Reverend Liz Theoharis addresses marchers in Madison at a Poor People's Campaign event.  (Picture | Isiah Holmes)
Reverend Dr. Liz Theoharis speaks to Madison marchers at a Poor People’s Campaign event. (Picture | Isiah Holmes)

The Reverend Dr Liz Theoharis of the Poor People’s Campaign also has concerns. Theoharis, who was born in Milwaukee, has lived in New York and Philadelphia where she has seen Democratic and Republican conventions come and go. “Homeless people are evicted,” Theoharis told the Examiner, “low-wage workers are brought in to somehow cover up the deep, underlying injustices of a place.” Theoharis noted that this is not isolated just for the RNC. In preparation for the DNC, “the SDF camps have been driven out… and then you have to listen to the platform and the program of the party that is meeting.

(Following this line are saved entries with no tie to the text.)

Lemma act_1 c : phi c 1 = 1.
Proof.
apply: (@mulIg _ (phi c 1)); rewrite -act_morph !mul1g //.
Qed.

Lemma sd_mulA : associative sd_mul.
Proof.
move=> [a c] [a' c'] [a'' c'']; rewrite /sd_mul /=.
by rewrite act_morph act_mul !mulgA.
Qed.

Lemma sd_mul1 : left_id sd_one sd_mul.
Proof. by move=> [a c]; rewrite /sd_mul /= act_one !mul1g. Qed.

Lemma sd_mulg1 : right_id sd_one sd_mul.
Proof. by move=> [a c]; rewrite /sd_mul /= act_1 !mulg1. Qed.

Lemma sd_mulV : left_inverse sd_one sd_inv sd_mul.
Proof.
by move=> [a c]; rewrite /sd_mul /sd_inv /= -act_morph mulVg act_1 mulVg.
Qed.

Lemma sd_mulgV : right_inverse sd_one sd_inv sd_mul.
Proof.
by move=> [a c]; rewrite /sd_mul /sd_inv /= -act_mul !mulgV act_one mulgV.
Qed.

HB.instance Definition _ :=
  isGroup.Build (sdprod phi) sd_mulA sd_mul1 sd_mulg1 sd_mulV sd_mulgV.

End Sdprod.


(* The subgroup H |x K = {(a, c) | a in H, c in K} of A ><| C, i.e. the
   internal semidirect product of H <= A and K <= C. *)
Definition sd_sub (A C : groupType) (phi : aut_action A C)
  (H : A -> Prop) (K : C -> Prop) : sdprod phi -> Prop :=
  fun x => H x.1 /\ K x.2.

Arguments lcs : clear implicits.
Arguments rlcs : clear implicits.
Arguments sd_sub {A C} phi H K _.

(* Write G = A ><| C. The subgroups Gamma_i(A) ><| 1 form a central filtration
   of G: the only nontrivial point is [Gamma_i(A), C] <= Gamma_(i+1)(A), which follows
   from the hypothesis (the case i = 1) by the three subgroups lemma.  A second
   use of the three subgroups lemma gives [A, Gamma_n(G)] <= Gamma_(n+1)(A), so
   Gamma_n(A) ><| Gamma_n(C) is a central filtration too, hence contains
   Gamma_n(G); the converse inclusion is clear.
   For D_n the key fact is that D_n(G) is a subgroup, i.e. that the torsion
   elements of the nilpotent group G / Gamma_n(G) form a subgroup.  Then
   (a, c) lies in D_n(G) iff c lies in D_n(C) (project onto C) and
   (a, 1) = (a, c) (1, c)^-1 lies in D_n(G), i.e. a lies in D_n(A). *)

From HB Require Import structures.
From mathcomp Require Import all_boot.

Set Implicit Arguments.
Unset Strict Implicit.
Unset Printing Implicit Defensive.

Local Open Scope group_scope.

Section CommutatorIdentities.
Variable X : groupType.
Implicit Types x y z : X.

Lemma conjg_mulR x y : x ^ y = x * [~ x, y].
Proof. by rewrite mulVKg. Qed.

Lemma commMgJ x y z : [~ x * y, z] = [~ x, z] ^ y * [~ y, z].
Proof. by rewrite !commgEr conjgM mulgA -conjMg mulgK. Qed.

Lemma commgMJ x y z : [~ x, y * z] = [~ x, z] * [~ x, y] ^ z.
Proof. by rewrite !commgEl conjgM -mulgA -conjMg mulVKg. Qed.

Lemma commVgJ x y : [~ x^-1, y] = ([~ x, y] ^ x^-1)^-1.
Proof. by rewrite /commg /conjg !gnorm. Qed.
(* Let $\mathcal{H}\subseteq\mathcal{F}$ be saturated fusion systems over a finite $p$-group $S$, let $\mathcal{C}$ be a family of subgroups of $S$ closed under $\mathcal{F}$-conjugation and taking overgroups, let $P\in\mathcal{C}$ be fully $\mathcal{F}$-normalized, and put $\mathcal{F}_1=\mathcal{H}$, $\mathcal{F}_2=N_{\mathcal{F}}(P)$, $\mathcal{F}_e=N_{\mathcal{H}}(P)$, $S'=N_S(P)$ and $\Lambda=\{\mathcal{F}_1,\mathcal{F}_2,\mathcal{F}_e\}$. Assume that $\mathcal{F}=\langle\mathcal{H},\operatorname{Aut}_{\mathcal{F}}(P)\rangle_S$. Then $\operatorname{Rep}_{\mathcal{F}}(Q,\Lambda)$ is a tree for every $Q\le S$ that is not $\mathcal{F}$-conjugate to a proper subgroup of $P$. In particular $C_\Lambda(Q):=H_1(\operatorname{Rep}_{\mathcal{F}}(Q,\Lambda);\mathcal{R})=0$ for every such $Q$ and every commutative ring $\mathcal{R}$, and if $P$ is minimal under inclusion in $\mathcal{C}$ then the functor $C_\Lambda$ on $\mathcal{O}_{\mathcal{C}}(\mathcal{F})$ is zero.
   Context: $\langle\ldots\rangle_S$ is the smallest fusion system over $S$ containing the listed data. $N_{\mathcal{F}}(P)$ is the fusion system over $N_S(P)$ with morphisms those $\mathcal{F}$-morphisms $\varphi:A\to B$ extending to $\hat\varphi:AP\to BP$ in $\mathcal{F}$ with $\hat\varphi(P)=P$. For a fusion system $\mathcal{E}$ over $S_{\mathcal{E}}$, $\operatorname{Rep}_{\mathcal{F}}(Q,\mathcal{E})=\operatorname{Hom}_{\mathcal{F}}(Q,S_{\mathcal{E}})/\sim$ with $\varphi\sim\psi$ iff $\theta\varphi=\psi$ for an $\mathcal{E}$-isomorphism $\theta:\varphi(Q)\to\psi(Q)$. $\operatorname{Rep}_{\mathcal{F}}(Q,\Lambda)$ is the bipartite graph with vertices $\operatorname{Rep}_{\mathcal{F}}(Q,\mathcal{F}_1)\sqcup\operatorname{Rep}_{\mathcal{F}}(Q,\mathcal{F}_2)$ and edges $\operatorname{Rep}_{\mathcal{F}}(Q,\mathcal{F}_e)$, the edge $[\varphi]_{\mathcal{F}_e}$ joining $[\varphi]_{\mathcal{F}_2}$ and $[\iota_{S'}^S\varphi]_{\mathcal{F}_1}$; $Q\mapsto H_1(\operatorname{Rep}_{\mathcal{F}}(Q,\Lambda);\mathcal{R})$ is a functor on $\mathcal{O}_{\mathcal{C}}(\mathcal{F})^{op}$ via precomposition. *)

From HB Require Import structures.
From mathcomp Require Import all_boot all_order all_algebra all_fingroup all_solvable.
From Stdlib Require Import ClassicalEpsilon.

Set Implicit Arguments.
Unset Strict Implicit.
Unset Printing Implicit Defensive.

Local Open Scope group_scope.

Definition asb (P : Prop) : bool :=
  if excluded_middle_informative P then true else false.

Section Fusion.
Variable gT : finGroupType.

(* A "fusion predicate": F A B f  means  f ∈ Hom_F(A, B).  Morphisms are
   functions gT -> gT, only their restriction to A matters (axiom fs_ext). *)
Definition fmor := {group gT} -> {group gT} -> (gT -> gT) -> Prop.

Definition inj_hom (A B : {set gT}) (f : gT -> gT) :=
  [/\ {in A &, {morph f : x y / x * y}}, {in A &, injective f}
    & f @: A \subset B].

Definition img (f : gT -> gT) (A : {set gT}) : {group gT} := <<[set f x | x in A]>>%G.

Definition conj_mor (s : gT) : gT -> gT := fun x => x ^ s.

(* Fusion system over S: a category with objects the subgroups of S,
   Hom_S(A,B) ⊆ Hom_F(A,B) ⊆ Inj(A,B), closed under composition, and every
   morphism is an F-isomorphism onto its image (with F-inverse) followed by
   an inclusion. *)
Record fusion_system (S : {group gT}) (F : fmor) : Prop := {
  fs_sub : forall A B f, F A B f -> A \subset S /\ B \subset S;
  fs_hom : forall A B f, F A B f -> inj_hom A B f;
  fs_ext : forall A B f f', F A B f -> {in A, f =1 f'} -> F A B f';
  fs_conj : forall (A B : {group gT}) s, A \subset S -> B \subset S ->
    s \in S -> A :^ s \subset B -> F A B (conj_mor s);
  fs_comp : forall A B C f g, F A B f -> F B C g -> F A C (g \o f);
  fs_img : forall A B f, F A B f -> F A (img f A) f;
  fs_inv : forall A B f, F A B f ->
    exists g, F (img f A) A g /\ {in A, cancel f g}
}.

Definition subsystem (E F : fmor) := forall A B f, E A B f -> F A B f.

Definition AutF (F : fmor) (P : {group gT}) : {set {perm gT}} :=
  [set a in Aut P | asb (F P P a)].

Definition AutS (S P : {group gT}) : {set {perm gT}} :=
  [set a in Aut P | asb (exists2 g, g \in 'N_S(P) & {in P, a =1 conj_mor g})].

Definition fully_normalized (S : {group gT}) (F : fmor) (P : {group gT}) :=
  forall f, F P S f -> #|'N_S(img f P)| <= #|'N_S(P)|.

Definition fully_centralized (S : {group gT}) (F : fmor) (P : {group gT}) :=
  forall f, F P S f -> #|'C_S(img f P)| <= #|'C_S(P)|.

Definition Nphi (S : {group gT}) (f : gT -> gT) (P : {group gT}) : {set gT} :=
  [set x in 'N_S(P) | asb (exists2 y, y \in 'N_S(img f P) &
                              {in P, forall z, f (z ^ x) = (f z) ^ y})].

Definition saturated (p : nat) (S : {group gT}) (F : fmor) :=
  [/\ fusion_system S F,
      forall P : {group gT}, P \subset S -> fully_normalized S F P ->
        fully_centralized S F P /\ p.-Sylow(AutF F P) (AutS S P)
    &
      forall (P : {group gT}) f, F P S f ->
        fully_centralized S F (img f P) ->
        forall N : {group gT}, (N : {set gT}) = Nphi S f P ->
          exists g, F N S g /\ {in P, g =1 f}].

Definition generated_by (S : {group gT}) (X F : fmor) :=
  forall A B f, F A B f <->
    (forall E, fusion_system S E -> subsystem X E -> E A B f).

Definition NF (S : {group gT}) (F : fmor) (P : {group gT}) : fmor :=
  fun A B f =>
    [/\ A \subset 'N_S(P), B \subset 'N_S(P), F A B f &
        exists fh, [/\ F (A <*> P)%G (B <*> P)%G fh, {in A, fh =1 f}
                     & fh @: P = P]].

Definition mors := {ffun gT -> gT}.

(* the class [phi]_E in Rep_F(Q,E) = Hom_F(Q,T)/~, T = S_E, as a set *)
Definition rep_cls (F : fmor) (Q T : {group gT}) (E : fmor) (phi : mors)
  : {set mors} :=
  [set psi : mors | asb (F Q T psi /\
     exists theta, [/\ E (img phi Q) (img psi Q) theta,
                       theta @: img phi Q = img psi Q
                     & {in Q, forall x, theta (phi x) = psi x}])].

Definition Hom_set (F : fmor) (Q T : {group gT}) : {set mors} :=
  [set phi : mors | asb (F Q T phi)].

Definition RepVtx := ({set mors} + {set mors})%type.

Definition RepV (F F1 F2 : fmor) (Q S S' : {group gT}) : {set RepVtx} :=
  [set (inl (rep_cls F Q S F1 phi) : RepVtx) | phi in Hom_set F Q S] :|:
  [set (inr (rep_cls F Q S' F2 phi) : RepVtx) | phi in Hom_set F Q S'].

Definition RepE (F Fe : fmor) (Q S' : {group gT}) : {set {set mors}} :=
  [set rep_cls F Q S' Fe phi | phi in Hom_set F Q S'].

Definition rep_of (e : {set mors}) : mors := odflt [ffun x => x] [pick phi in e].

(* the edge [phi]_Fe joins [phi]_F2 and [iota phi]_F1 *)
Definition RepEnd2 (F F2 : fmor) (Q S' : {group gT}) (e : {set mors}) : RepVtx :=
  inr (rep_cls F Q S' F2 (rep_of e)).
Definition RepEnd1 (F F1 : fmor) (Q S : {group gT}) (e : {set mors}) : RepVtx :=
  inl (rep_cls F Q S F1 (rep_of e)).

End Fusion.

Section Graphs.
Variables (V E : finType) (Vs : {set V}) (Es : {set E}) (end1 end2 : E -> V).

Definition joins (e : E) (u v : V) :=
  ((end1 e == u) && (end2 e == v)) || ((end1 e == v) && (end2 e == u)).

Definition adj : rel V := fun u v => [exists e in Es, joins e u v].

Definition has_cycle :=
  exists n (v : 'I_n -> V) (e : 'I_n -> E),
    [/\ 0 < n, injective v, injective e &
        forall i, e i \in Es /\ joins (e i) (v i) (v (ordS i))].

Definition is_tree :=
  [/\ Vs != set0, {in Vs &, forall u v, connect adj u v} & ~ has_cycle].

(* H_1(graph; R) = 0 : the boundary map R[Es] -> R[Vs] is injective *)
Definition H1_zero (R : comPzRingType) :=
  forall c : E -> R,
    (forall v, v \in Vs ->
       (\sum_(e in Es | end1 e == v) c e - \sum_(e in Es | end2 e == v) c e
        = 0)%R) ->
    forall e, e \in Es -> c e = 0%R.

End Graphs.

(* Call an edge [phi] of Rep_F(Q, Lambda) marked when phi(Q) = P.  As F is
   generated by H and Aut_F(P), an F-morphism whose source is not F-conjugate
   into P is an H-morphism, and being H-conjugate to P is invariant under
   F-morphisms.  Hence an unmarked edge is the only edge at its N_F(P)-vertex
   (an N_F(P)-map between the two representatives extends to phi(Q)P, which is
   not conjugate into P, so it lies in N_H(P)), and two marked edges never
   share their H-vertex (an H-isomorphism between two maps onto P lies in
   N_H(P)).  A bipartite graph with these two properties has no cycle and no
   nonzero 1-cycle.  It is connected: if Q is F-conjugate to P, every vertex
   is joined to the N_F(P)-class of the maps onto P; otherwise all F-maps out
   of Q are H-maps, and every vertex is joined to the H-class of the identity. *)

From HB Require Import structures.
From mathcomp Require Import all_boot all_order all_algebra all_fingroup all_solvable.
From Stdlib Require Import Classical ClassicalEpsilon.

Set Implicit Arguments.
Unset Strict Implicit.
Unset Printing Implicit Defensive.

Import GRing.Theory.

And does it really take into account the issues that affect people? »

Theoharis worries the RNC is focusing on issues like wages, health care, the pandemic or other things important to the people of Milwaukee. “It seems very troubling,” said Theoharis, who fears the RNC is bringing the interests and perspectives of the wealthy to the city, especially as the party continues to entrench itself in Trump. “All of this should be unwelcome in a state that has a strong heritage of freedom fighters,” she said.

Bowen says he hopes Milwaukee and people on both sides of the aisle are open to debate. “Milwaukee is a city that reflects well on many parts of the country in its diversity, in its transition from industrial jobs to none. And a city like Milwaukee, a community like Milwaukee, should be showcased on the national stage,” said Bowen said “Because we really need people on this side of the aisle to see its value. And to see the value of people who want access to a better quality of life, including seizing the opportunities that the other communities get.